Но в этой литературной аналогии с газетным листом, мне кажется, есть еще один смысл. Газета. Во времена Сомерсета Моэма газета была единственным источником информации. И люди, читающие, волей-неволей растекались мыслью по броским заголовкам новостей, а потом и ползали этой же плоской мыслью по текстам, переворачивая газету с первой полосы на вторую и так далее. Залипая на каждом новом тексте. И в этом смысле мы тоже плоскатики. Вместо того, чтобы заниматься главным — Богомыслием, ползаем по глобусу информационного шума, который так устроен, что схватив однажды, уже не отпускает. Не знаю, как у вас, но у меня иногда возникают «фантомные радости» от тех редких периодов жизни, когда я не ползал по глобусу как плоскатик, а жил полнокровно и радостно, отбросив все лишнее. Например, испытал я на днях «фантомную радость» от того, что закрыл все свои социальные сети. Скоро по утрам начну ходить под свою любимую «Арку Тишины» — пустырь за домом. Надышусь, поведаю. Пока не свобода. Освобождение из степеней несвободы. Свобода впереди.

«Молчание — лучше и удивительнее всех повествований»

Преподобный Варсонофий Великий.

О каком молчании писал святой? Только ли о молчании языком?

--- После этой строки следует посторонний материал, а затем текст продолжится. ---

Lemma exists_rival x : x \notin players e ->
  exists2 c, c \notin P x & forall v, connect e x v -> x != v -> c \in P v.
Proof.
move=> npx; case: (pickP (e x)) => [p exp|no_out]; last first.
  (* x is the final: x itself, not being a player, is a rival. *)
  exists x => [|v conn_xv neq_xv]; first by rewrite mem_Pset (negbTE npx).
  by have [s] := connect_first conn_xv neq_xv; rewrite no_out.
have [c' neq_c'x ec'p] := exists_sibling exp; have [c cc'] := exists_player c'.
exists c => [|v conn_xv neq_xv].
  by apply: contra neq_c'x => cx; rewrite (Pset_child_inj ec'p exp cc' cx).
have [s exs conn_sv] := connect_first conn_xv neq_xv.
rewrite -(out_uniq exp exs) in conn_sv.
exact: subsetP (subset_Pset (connect_trans (connect1 ec'p) conn_sv)) c cc'.
Qed.

Definition heavy_child x : T :=
  if [pick u in in_nbrs e x] is Some u0
  then [arg max_(u > u0 in in_nbrs e x) #|P u|] else x.

Lemma heavy_childP x : x \in matches e ->
  e (heavy_child x) x /\ forall u, e u x -> #|P u| <= #|P (heavy_child x)|.
Proof.
move=> mx; rewrite /heavy_child; case: pickP => [u0 u0x|no_in]; last first.
  by have [u] := exists_in_nbr mx; have := no_in u; rewrite inE => ->.
case: arg_maxnP => // h; rewrite inE => ehx max_h; split=> // u eux.
by apply: max_h; rewrite inE.
Qed.

Lemma heavy_child_player a : a \in players e -> heavy_child a = a.
Proof.
move=> pa; rewrite /heavy_child; case: pickP => [u|//].
by rewrite inE player_no_in.
Qed.

Lemma bigmax_Pset_in_nbrs x : x \in matches e ->
  \max_(u in in_nbrs e x) #|P u| = #|P (heavy_child x)|.
Proof.
move=> mx; have [ehx max_h] := heavy_childP mx; apply/eqP; rewrite eqn_leq.
rewrite (leq_bigmax_cond (F := fun u => #|P u|)) ?inE // andbT.
by apply/bigmax_leqP => u; rewrite inE; apply: max_h.
Qed.

Definition light x : {set T} := P x :\: P (heavy_child x).
(* If $M$ is a simple rank-$r$ matroid that has no $3$-element circuit and no $3$-claw, then $|E(M)| \ge 2^{r-1}$. If equality holds, then $M \cong \mathrm{AG}(r-1,2)$.
   Context: A claw of a matroid $M$ is a set that is both a flat and an independent set of $M$; a $k$-claw is a claw of size $k$. $\mathrm{AG}(r-1,2)$ is the rank-$r$ binary affine geometry, obtained from the binary projective geometry $\mathrm{PG}(r-1,2)$ by deleting a hyperplane. *)

From HB Require Import structures.
From mathcomp Require Import all_boot all_order all_algebra.
Set Implicit Arguments. Unset Strict Implicit. Unset Printing Implicit Defensive.
Import GRing.Theory.

(* A matroid whose ground set is the whole finite type T, given by its
   independent sets (axioms I1-I3). *)
Record matroid (T : finType) := Matroid {
  indep : {set T} -> bool;
  indep0 : indep set0;
  indep_sub : forall A B : {set T}, A \subset B -> indep B -> indep A;
  indep_aug : forall A B : {set T}, indep A -> indep B -> #|A| < #|B| ->
     exists2 e, e \in B :\: A & indep (e |: A)
}.

Section MatroidNotions.
Variables (T : finType) (M : matroid T).

Definition mrank (X : {set T}) : nat :=
  \max_(I : {set T} | (I \subset X) && indep M I) #|I|.

Definition rank_of : nat := mrank [set: T].

Definition circuit (C : {set T}) : bool :=
  ~~ indep M C && [forall D : {set T}, (D \proper C) ==> indep M D].

(* simple: no loops and no parallel pairs, i.e. every circuit has >= 3 elements *)
Definition simple : Prop := forall C, circuit C -> 2 < #|C|.

Definition flat (X : {set T}) : bool :=
  [forall e, (e \notin X) ==> (mrank X < mrank (e |: X))].

Definition claw (X : {set T}) : bool := flat X && indep M X.

End MatroidNotions.

(* Points of AG(n,2), of rank n+1: PG(n,2) is the set of nonzero vectors of
   F_2^(n+1); deleting the hyperplane {x_0 = 0} leaves the vectors with x_0 = 1. *)
Definition AG_pts (n : nat) :=
  {v : 'rV['F_2]_n.+1 | v ord0 ord0 == 1%R}.

Definition iso_AG (T : finType) (M : matroid T) (n : nat) : Prop :=
  exists f : T -> AG_pts n, bijective f /\
    forall X : {set T}, indep M X = free [seq val (f x) | x <- enum X].

From mathcomp Require Import all_boot all_order all_algebra.
From mathcomp Require Import zify.
Set Implicit Arguments. Unset Strict Implicit. Unset Printing Implicit Defensive.
Import GRing.Theory.

(* Without circuits of size at most 3, every set of at most three points is
   independent; as no 3-element independent set is a flat, the closure of any
   three points a, b, c contains a fourth point d, and {a, b, c, d} is a
   dependent set in which each point is spanned by the other three.  If p is
   in F and e is outside cl F, then F, e and the fourth points of the triples
   x, p, e (x in F - p) form a set of rank r(F) + 1 and size 2|F|, so
   repeated doubling from one point gives |E| >= 2^(r-1).
   In the extremal case every nonempty flat F has exactly 2^(r(F)-1) points,
   so 3 points span a 4-point plane, and a hyperplane H cannot contain exactly
   three points of a plane (by closure) nor exactly one (H doubled by an
   outside point of the plane is all of E).  Hence, for a basis b_0..b_(r-1)
   and the hyperplanes H_j = cl(B - b_j), the map
   x |-> (1, [x notin H_1], ..., [x notin H_(r-1)]) over F_2 sends d to the
   sum of the images of a, b and c; this makes it a bijection onto AG(r-1,2)
   under which closure becomes linear span. *)

Lemma cards3 (T : finType) (a b c : T) : a != b -> a != c -> b != c -> #|[set a; b; c]| = 3.
Proof. by move=> ab ac bc; rewrite -setUA cardsU1 cards2 bc !inE negb_or ab ac. Qed.

Lemma cardsU1D (T : finType) (x : T) (X H : {set T}) : x \notin X ->
  #|(x |: X) :\: H| = (x \notin H) + #|X :\: H|.
Proof.
move=> xX; rewrite (cardsD1 x) !inE eqxx andbT; congr (_ + _); apply: eq_card => z.
by rewrite !inE; case: eqP => // ->; rewrite (negPf xX) andbF.
Qed.

Section RankClosure.
Variables (T : finType) (M : matroid T).
Local Notation indep := (indep M).
Local Notation mrank := (mrank M).
Implicit Types (X Y Z I J F : {set T}) (x y : T).

Lemma leq_card_mrank I X : I \subset X -> indep I -> #|I| <= mrank X.
Proof. by move=> sIX iI; apply: (@leq_bigmax_cond _ _ _ I); rewrite sIX iI. Qed.

Lemma mrank_basis X : exists I, [/\ I \subset X, indep I & #|I| = mrank X].
Proof.
have [|I] := @eq_bigmax_cond _ [pred I : {set T} | (I \subset X) && indep I] (fun I => #|I|).
  by apply/card_gt0P; exists set0; rewrite inE sub0set indep0.
by rewrite inE => /andP[sIX iI] eI; exists I.
Qed.

Lemma mrank_leq_card X : mrank X <= #|X|.
Proof. by have [I [sIX _ <-]] := mrank_basis X; apply: subset_leq_card. Qed.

Воронежская старица советовала духовной дочери «камушек за щеку положить» и молчать. А если кто из окружения домогаться с расспросами станет, ткнуть пальцем в «распухшую» щеку и притвориться болящей флюсом. «А это не будет ложью, матушка?» — Спрашивали у нее. «Нет, не будет», — отвечала она. — «Потому что делается это во имя спасения души». Но всегда ли спасительно молчание? Смотря, какое. Преподобный Варсонофий был великим подвижником, он писал о молчании самой мыслью, не то, что языком. А молчание мыслью — это древняя исихастская традиция Афона. Если молчание языком является следствием молчания мыслью, такая Тишина достойна уважения.

Любой психолог скажет, что молчание связано с накоплением энергии. Вряд ли кто-то из ученых сегодня оспорит: мысль и слово несут энергию. Индийские йоги считали, что прежде чем пускаться на поиски смыслов, необходимо научиться молчать.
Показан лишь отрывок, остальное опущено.